[Records from a data collection]

++++++++++

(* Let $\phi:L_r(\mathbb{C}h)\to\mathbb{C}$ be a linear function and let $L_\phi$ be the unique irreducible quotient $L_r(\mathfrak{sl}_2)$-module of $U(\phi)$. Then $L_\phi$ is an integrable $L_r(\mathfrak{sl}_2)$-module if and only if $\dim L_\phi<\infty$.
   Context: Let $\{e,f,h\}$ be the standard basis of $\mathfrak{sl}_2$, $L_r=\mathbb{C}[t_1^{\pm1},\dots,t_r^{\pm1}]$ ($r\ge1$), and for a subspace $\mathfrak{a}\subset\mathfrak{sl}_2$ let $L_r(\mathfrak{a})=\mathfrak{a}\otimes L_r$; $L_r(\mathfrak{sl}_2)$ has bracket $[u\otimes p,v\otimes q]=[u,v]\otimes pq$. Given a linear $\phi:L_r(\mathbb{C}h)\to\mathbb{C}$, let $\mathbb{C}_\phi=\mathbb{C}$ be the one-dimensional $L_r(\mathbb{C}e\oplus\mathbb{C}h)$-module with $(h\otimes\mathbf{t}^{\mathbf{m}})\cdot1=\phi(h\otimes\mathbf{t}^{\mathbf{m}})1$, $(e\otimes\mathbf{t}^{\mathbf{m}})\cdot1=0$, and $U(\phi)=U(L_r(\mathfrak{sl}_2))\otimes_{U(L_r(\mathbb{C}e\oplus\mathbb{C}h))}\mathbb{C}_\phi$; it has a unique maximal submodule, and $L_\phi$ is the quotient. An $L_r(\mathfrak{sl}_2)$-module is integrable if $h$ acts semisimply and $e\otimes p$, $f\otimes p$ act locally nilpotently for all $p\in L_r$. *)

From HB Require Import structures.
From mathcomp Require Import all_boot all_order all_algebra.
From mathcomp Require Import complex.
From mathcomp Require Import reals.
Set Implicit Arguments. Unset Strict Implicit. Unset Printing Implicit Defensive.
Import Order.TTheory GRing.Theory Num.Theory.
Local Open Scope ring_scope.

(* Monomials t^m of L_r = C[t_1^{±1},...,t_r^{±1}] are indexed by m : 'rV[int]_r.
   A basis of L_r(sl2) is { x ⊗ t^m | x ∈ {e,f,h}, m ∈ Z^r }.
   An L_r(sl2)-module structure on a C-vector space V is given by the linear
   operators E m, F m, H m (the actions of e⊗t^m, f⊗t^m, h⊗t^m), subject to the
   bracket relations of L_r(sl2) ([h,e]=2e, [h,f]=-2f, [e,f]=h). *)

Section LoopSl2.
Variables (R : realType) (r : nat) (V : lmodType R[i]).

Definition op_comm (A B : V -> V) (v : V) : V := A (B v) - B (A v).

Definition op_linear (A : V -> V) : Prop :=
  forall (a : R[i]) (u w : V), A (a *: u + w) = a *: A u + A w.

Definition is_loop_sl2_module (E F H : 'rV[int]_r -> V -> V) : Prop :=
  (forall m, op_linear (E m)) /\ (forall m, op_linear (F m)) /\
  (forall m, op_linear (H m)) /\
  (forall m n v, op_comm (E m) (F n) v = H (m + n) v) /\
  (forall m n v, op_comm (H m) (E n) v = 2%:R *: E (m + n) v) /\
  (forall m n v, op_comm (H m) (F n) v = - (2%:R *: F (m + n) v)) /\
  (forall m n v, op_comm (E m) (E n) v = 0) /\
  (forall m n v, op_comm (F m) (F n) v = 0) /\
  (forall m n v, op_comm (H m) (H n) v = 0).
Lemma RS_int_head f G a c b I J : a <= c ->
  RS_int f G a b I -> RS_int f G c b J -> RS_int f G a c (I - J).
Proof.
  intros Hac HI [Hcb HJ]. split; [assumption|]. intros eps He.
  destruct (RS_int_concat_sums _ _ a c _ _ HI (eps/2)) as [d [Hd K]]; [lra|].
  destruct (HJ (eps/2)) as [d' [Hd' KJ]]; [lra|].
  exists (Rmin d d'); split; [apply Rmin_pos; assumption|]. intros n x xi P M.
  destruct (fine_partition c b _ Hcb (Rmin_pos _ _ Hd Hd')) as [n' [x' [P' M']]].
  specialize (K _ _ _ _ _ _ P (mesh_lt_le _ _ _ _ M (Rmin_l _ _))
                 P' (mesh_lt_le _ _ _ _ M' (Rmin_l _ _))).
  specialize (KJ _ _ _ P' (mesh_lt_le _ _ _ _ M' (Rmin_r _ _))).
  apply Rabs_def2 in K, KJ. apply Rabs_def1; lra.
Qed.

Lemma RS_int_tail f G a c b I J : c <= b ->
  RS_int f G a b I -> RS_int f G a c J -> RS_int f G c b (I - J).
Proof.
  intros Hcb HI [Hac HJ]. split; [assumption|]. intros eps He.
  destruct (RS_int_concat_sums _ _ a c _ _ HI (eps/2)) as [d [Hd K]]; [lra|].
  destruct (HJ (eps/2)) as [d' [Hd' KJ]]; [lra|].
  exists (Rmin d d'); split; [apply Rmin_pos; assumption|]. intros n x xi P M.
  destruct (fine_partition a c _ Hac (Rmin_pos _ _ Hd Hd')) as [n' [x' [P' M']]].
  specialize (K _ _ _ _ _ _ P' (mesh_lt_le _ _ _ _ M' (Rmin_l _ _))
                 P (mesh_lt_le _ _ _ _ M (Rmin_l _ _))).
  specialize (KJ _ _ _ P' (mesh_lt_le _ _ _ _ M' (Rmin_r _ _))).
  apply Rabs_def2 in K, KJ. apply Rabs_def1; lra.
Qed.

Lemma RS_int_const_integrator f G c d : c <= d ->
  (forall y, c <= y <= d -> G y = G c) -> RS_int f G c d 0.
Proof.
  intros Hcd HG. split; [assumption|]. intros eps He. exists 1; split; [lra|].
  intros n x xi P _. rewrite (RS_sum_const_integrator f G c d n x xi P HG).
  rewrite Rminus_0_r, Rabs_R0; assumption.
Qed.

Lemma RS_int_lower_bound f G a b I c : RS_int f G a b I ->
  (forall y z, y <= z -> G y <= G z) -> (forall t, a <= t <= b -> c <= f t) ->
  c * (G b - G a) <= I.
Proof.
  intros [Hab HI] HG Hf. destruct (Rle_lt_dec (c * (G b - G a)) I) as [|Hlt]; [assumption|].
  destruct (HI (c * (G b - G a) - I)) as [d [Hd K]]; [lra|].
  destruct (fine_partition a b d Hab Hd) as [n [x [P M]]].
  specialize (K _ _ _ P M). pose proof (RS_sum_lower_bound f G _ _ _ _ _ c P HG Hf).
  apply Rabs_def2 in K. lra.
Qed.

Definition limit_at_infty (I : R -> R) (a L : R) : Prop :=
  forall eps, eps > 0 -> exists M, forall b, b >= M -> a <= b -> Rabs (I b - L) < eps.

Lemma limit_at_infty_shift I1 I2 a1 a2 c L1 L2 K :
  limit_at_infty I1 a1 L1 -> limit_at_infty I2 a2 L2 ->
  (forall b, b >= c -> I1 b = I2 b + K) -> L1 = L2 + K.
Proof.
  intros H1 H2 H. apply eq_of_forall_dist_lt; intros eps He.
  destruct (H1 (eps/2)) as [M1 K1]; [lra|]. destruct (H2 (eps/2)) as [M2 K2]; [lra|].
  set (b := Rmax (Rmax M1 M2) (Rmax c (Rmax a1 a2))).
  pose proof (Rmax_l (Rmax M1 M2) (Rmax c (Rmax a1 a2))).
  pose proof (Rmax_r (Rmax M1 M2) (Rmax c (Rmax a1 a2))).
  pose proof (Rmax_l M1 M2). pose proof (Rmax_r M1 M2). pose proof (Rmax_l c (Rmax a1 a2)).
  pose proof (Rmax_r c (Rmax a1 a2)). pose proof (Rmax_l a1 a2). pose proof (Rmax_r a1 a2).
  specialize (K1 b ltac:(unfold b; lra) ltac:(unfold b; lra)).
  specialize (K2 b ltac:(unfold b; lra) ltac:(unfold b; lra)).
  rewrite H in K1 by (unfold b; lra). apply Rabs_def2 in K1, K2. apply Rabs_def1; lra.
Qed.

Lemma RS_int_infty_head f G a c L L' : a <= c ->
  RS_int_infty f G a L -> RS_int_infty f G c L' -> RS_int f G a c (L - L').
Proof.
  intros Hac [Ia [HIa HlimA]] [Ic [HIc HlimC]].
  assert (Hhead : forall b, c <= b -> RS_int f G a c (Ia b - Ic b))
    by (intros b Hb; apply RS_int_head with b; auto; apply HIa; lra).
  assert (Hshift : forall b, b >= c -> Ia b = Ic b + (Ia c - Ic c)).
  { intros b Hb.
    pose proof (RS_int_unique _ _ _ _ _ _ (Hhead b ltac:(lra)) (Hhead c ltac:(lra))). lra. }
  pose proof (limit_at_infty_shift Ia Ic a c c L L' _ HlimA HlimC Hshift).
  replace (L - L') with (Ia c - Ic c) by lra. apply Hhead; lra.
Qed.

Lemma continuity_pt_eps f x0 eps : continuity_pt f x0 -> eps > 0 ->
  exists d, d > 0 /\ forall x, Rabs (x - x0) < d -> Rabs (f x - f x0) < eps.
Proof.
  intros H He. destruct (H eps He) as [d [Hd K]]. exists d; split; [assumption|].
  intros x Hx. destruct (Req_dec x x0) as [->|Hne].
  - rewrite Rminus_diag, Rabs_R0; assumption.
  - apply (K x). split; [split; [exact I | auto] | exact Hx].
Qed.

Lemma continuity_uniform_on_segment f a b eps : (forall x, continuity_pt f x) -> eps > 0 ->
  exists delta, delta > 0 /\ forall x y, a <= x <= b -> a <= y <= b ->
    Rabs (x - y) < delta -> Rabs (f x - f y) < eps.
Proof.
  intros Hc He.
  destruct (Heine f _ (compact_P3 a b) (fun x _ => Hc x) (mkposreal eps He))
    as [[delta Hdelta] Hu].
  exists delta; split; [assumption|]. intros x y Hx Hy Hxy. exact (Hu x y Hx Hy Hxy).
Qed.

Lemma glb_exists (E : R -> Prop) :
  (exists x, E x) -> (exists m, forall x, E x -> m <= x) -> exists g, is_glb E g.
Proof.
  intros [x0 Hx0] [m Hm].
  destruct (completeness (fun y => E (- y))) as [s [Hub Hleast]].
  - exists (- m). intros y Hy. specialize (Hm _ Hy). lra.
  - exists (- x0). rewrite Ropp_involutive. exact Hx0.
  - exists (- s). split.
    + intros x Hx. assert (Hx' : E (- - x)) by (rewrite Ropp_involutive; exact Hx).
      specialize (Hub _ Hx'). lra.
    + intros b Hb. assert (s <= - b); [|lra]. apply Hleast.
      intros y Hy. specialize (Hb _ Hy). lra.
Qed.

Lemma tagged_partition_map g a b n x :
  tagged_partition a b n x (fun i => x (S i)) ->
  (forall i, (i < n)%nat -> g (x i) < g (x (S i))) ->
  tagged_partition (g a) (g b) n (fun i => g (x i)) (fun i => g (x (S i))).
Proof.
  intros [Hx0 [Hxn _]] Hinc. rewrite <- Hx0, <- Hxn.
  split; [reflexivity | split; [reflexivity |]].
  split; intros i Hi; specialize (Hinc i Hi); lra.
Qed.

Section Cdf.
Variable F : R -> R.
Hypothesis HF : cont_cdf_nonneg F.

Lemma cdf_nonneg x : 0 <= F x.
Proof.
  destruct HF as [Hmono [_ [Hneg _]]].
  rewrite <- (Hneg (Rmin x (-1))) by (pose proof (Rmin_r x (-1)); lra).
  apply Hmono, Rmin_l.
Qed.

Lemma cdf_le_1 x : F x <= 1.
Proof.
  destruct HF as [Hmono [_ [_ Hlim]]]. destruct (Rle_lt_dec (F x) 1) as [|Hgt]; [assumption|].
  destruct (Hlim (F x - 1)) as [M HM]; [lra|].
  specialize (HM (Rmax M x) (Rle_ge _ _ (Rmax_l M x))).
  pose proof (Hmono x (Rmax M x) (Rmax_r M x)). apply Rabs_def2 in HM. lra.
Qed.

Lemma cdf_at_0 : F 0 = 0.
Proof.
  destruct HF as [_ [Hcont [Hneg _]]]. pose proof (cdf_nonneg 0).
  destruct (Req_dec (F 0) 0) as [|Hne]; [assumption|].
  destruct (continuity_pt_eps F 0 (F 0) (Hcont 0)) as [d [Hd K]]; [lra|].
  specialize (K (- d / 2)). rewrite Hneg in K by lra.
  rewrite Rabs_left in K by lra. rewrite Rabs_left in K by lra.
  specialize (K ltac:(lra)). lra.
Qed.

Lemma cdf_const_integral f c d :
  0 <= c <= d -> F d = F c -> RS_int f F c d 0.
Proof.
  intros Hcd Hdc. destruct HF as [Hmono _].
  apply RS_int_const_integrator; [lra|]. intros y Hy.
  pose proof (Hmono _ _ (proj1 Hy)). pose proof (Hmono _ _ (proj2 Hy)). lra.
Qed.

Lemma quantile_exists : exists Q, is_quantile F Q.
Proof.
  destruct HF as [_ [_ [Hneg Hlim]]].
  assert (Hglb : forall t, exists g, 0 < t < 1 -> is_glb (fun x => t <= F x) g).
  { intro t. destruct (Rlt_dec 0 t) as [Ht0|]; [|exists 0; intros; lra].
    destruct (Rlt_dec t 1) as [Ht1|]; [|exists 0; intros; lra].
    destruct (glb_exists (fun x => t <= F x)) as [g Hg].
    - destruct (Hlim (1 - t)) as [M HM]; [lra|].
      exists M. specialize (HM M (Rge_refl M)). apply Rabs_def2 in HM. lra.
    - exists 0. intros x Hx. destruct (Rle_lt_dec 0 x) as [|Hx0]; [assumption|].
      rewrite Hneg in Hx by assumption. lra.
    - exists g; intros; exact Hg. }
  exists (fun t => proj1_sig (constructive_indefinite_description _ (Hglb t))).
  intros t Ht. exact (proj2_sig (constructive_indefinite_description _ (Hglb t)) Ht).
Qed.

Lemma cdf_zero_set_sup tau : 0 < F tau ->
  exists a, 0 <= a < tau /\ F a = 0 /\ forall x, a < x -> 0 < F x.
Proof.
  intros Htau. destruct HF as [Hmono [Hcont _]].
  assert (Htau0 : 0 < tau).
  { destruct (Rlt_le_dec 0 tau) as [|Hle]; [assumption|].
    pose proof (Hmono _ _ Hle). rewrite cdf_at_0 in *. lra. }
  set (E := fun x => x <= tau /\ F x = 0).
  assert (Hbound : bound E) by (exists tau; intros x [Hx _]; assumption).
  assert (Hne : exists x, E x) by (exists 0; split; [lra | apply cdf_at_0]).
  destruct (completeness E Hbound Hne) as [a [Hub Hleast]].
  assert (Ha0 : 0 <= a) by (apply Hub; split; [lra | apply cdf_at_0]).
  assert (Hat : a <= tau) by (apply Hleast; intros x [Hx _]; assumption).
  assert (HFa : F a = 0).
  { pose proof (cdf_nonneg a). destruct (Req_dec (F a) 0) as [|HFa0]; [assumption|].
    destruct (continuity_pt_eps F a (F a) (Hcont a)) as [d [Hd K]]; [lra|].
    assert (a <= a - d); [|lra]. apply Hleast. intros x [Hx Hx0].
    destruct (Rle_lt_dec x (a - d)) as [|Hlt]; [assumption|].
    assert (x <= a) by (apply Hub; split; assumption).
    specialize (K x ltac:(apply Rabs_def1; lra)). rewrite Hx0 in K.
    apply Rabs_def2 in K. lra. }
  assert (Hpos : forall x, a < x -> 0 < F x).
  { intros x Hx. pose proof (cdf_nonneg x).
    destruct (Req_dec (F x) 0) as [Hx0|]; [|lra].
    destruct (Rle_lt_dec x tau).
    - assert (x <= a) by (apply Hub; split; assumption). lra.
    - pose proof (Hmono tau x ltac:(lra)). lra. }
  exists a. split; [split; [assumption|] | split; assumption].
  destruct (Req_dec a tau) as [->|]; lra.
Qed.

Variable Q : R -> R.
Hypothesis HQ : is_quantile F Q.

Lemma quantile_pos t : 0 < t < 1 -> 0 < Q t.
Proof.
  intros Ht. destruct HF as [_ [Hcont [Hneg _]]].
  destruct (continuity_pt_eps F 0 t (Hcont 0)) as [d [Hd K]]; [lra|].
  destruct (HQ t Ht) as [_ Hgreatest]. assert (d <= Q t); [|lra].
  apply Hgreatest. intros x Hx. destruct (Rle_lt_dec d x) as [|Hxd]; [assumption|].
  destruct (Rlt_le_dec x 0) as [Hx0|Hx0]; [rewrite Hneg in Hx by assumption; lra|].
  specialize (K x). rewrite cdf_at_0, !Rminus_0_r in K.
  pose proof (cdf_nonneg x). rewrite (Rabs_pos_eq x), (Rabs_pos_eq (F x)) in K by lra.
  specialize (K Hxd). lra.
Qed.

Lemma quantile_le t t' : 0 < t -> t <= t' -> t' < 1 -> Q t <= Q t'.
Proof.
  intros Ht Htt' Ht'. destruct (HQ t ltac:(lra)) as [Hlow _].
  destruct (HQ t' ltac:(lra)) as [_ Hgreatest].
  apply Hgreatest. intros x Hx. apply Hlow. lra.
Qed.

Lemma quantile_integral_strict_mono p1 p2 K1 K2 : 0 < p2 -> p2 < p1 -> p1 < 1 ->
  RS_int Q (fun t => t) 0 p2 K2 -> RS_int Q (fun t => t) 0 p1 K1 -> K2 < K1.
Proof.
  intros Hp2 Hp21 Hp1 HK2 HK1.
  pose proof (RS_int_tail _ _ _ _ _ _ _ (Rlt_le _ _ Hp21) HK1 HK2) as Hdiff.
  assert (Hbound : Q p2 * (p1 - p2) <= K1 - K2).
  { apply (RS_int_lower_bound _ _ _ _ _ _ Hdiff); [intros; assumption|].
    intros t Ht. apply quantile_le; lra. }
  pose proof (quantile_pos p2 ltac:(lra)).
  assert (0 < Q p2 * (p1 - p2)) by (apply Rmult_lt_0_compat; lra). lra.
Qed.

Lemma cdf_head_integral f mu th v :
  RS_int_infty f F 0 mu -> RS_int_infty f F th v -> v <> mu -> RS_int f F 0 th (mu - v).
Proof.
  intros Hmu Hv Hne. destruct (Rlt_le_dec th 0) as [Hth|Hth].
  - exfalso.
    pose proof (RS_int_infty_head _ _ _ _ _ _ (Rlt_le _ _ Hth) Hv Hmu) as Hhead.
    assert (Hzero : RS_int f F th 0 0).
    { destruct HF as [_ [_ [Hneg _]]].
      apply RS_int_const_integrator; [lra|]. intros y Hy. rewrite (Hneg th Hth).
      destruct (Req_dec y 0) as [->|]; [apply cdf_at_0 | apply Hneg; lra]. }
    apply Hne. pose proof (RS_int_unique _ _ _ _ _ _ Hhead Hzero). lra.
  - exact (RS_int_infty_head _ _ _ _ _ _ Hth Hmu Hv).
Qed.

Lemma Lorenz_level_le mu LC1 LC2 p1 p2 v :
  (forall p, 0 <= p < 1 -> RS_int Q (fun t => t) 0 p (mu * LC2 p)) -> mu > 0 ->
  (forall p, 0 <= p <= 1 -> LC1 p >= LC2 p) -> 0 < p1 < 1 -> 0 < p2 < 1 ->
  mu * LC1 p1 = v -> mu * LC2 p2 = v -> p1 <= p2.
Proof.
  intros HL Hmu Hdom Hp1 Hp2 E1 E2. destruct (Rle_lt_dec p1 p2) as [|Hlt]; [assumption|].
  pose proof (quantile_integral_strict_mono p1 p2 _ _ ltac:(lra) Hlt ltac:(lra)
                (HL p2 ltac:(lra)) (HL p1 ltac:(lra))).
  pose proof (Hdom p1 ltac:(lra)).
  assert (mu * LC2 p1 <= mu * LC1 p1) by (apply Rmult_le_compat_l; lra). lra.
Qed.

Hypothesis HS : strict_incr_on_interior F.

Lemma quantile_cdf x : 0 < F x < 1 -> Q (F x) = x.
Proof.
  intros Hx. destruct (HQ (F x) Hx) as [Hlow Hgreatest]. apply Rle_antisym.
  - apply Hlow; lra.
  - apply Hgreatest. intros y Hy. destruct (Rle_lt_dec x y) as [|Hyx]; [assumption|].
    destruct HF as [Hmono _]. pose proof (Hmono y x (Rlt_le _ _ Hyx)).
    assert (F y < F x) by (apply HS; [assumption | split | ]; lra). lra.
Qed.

++++++++++

Problem description: Find each line of the data above that holds the word "Hshift", then copy it.

Your response:
  assert (Hshift : forall b, b >= c -> Ia b = Ic b + (Ia c - Ic c)).
  pose proof (limit_at_infty_shift Ia Ic a c c L L' _ HlimA HlimC Hshift).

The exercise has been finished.